Activity
In the entries that follow, find the line containing "so the classes"; from there, copy every line exactly through the line containing "by apply: eq_bigr => b".

----

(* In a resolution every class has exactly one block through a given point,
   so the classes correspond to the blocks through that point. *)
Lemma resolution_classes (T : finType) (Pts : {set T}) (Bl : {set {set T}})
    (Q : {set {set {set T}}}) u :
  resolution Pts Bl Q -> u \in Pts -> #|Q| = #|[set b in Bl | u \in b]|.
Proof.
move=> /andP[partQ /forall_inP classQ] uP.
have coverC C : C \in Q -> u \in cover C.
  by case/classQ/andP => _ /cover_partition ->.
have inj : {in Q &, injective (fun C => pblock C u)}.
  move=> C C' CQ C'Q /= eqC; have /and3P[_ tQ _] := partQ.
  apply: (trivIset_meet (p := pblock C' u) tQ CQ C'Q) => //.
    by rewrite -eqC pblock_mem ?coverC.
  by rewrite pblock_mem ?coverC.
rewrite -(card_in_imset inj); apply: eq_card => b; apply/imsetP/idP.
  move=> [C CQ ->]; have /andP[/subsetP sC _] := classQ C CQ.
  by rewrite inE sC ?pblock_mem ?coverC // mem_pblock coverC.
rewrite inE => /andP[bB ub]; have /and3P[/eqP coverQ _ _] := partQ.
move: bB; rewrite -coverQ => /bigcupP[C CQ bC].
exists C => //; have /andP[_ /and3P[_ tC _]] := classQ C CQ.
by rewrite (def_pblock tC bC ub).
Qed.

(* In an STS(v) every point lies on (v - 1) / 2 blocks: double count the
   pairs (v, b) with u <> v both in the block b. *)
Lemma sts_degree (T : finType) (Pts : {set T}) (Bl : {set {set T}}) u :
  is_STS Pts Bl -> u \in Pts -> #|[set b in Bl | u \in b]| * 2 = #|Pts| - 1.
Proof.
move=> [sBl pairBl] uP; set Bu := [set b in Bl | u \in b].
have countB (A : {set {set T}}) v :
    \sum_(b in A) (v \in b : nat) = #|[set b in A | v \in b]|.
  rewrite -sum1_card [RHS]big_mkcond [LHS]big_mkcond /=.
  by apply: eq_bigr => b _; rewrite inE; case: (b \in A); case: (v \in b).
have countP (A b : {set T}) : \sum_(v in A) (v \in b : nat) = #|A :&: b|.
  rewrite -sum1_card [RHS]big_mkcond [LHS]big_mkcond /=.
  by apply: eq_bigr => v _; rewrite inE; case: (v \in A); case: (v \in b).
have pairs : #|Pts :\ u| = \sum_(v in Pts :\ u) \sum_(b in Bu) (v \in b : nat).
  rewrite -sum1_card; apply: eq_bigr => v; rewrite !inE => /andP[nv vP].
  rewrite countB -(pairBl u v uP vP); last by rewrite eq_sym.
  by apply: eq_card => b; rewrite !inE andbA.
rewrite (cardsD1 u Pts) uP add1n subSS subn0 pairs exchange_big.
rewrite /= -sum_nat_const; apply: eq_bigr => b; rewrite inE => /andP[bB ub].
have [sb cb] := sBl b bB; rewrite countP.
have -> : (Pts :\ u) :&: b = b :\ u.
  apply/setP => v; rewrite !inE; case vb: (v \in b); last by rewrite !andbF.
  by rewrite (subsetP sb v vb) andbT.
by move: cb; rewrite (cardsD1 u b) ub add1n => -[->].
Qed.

----

Exercise answer
   so the classes correspond to the blocks through that point. *)
Lemma resolution_classes (T : finType) (Pts : {set T}) (Bl : {set {set T}})
    (Q : {set {set {set T}}}) u :
  resolution Pts Bl Q -> u \in Pts -> #|Q| = #|[set b in Bl | u \in b]|.
Proof.
move=> /andP[partQ /forall_inP classQ] uP.
have coverC C : C \in Q -> u \in cover C.
  by case/classQ/andP => _ /cover_partition ->.
have inj : {in Q &, injective (fun C => pblock C u)}.
  move=> C C' CQ C'Q /= eqC; have /and3P[_ tQ _] := partQ.
  apply: (trivIset_meet (p := pblock C' u) tQ CQ C'Q) => //.
    by rewrite -eqC pblock_mem ?coverC.
  by rewrite pblock_mem ?coverC.
rewrite -(card_in_imset inj); apply: eq_card => b; apply/imsetP/idP.
  move=> [C CQ ->]; have /andP[/subsetP sC _] := classQ C CQ.
  by rewrite inE sC ?pblock_mem ?coverC // mem_pblock coverC.
rewrite inE => /andP[bB ub]; have /and3P[/eqP coverQ _ _] := partQ.
move: bB; rewrite -coverQ => /bigcupP[C CQ bC].
exists C => //; have /andP[_ /and3P[_ tC _]] := classQ C CQ.
by rewrite (def_pblock tC bC ub).
Qed.

(* In an STS(v) every point lies on (v - 1) / 2 blocks: double count the
   pairs (v, b) with u <> v both in the block b. *)
Lemma sts_degree (T : finType) (Pts : {set T}) (Bl : {set {set T}}) u :
  is_STS Pts Bl -> u \in Pts -> #|[set b in Bl | u \in b]| * 2 = #|Pts| - 1.
Proof.
move=> [sBl pairBl] uP; set Bu := [set b in Bl | u \in b].
have countB (A : {set {set T}}) v :
    \sum_(b in A) (v \in b : nat) = #|[set b in A | v \in b]|.
  rewrite -sum1_card [RHS]big_mkcond [LHS]big_mkcond /=.
  by apply: eq_bigr => b _; rewrite inE; case: (b \in A); case: (v \in b).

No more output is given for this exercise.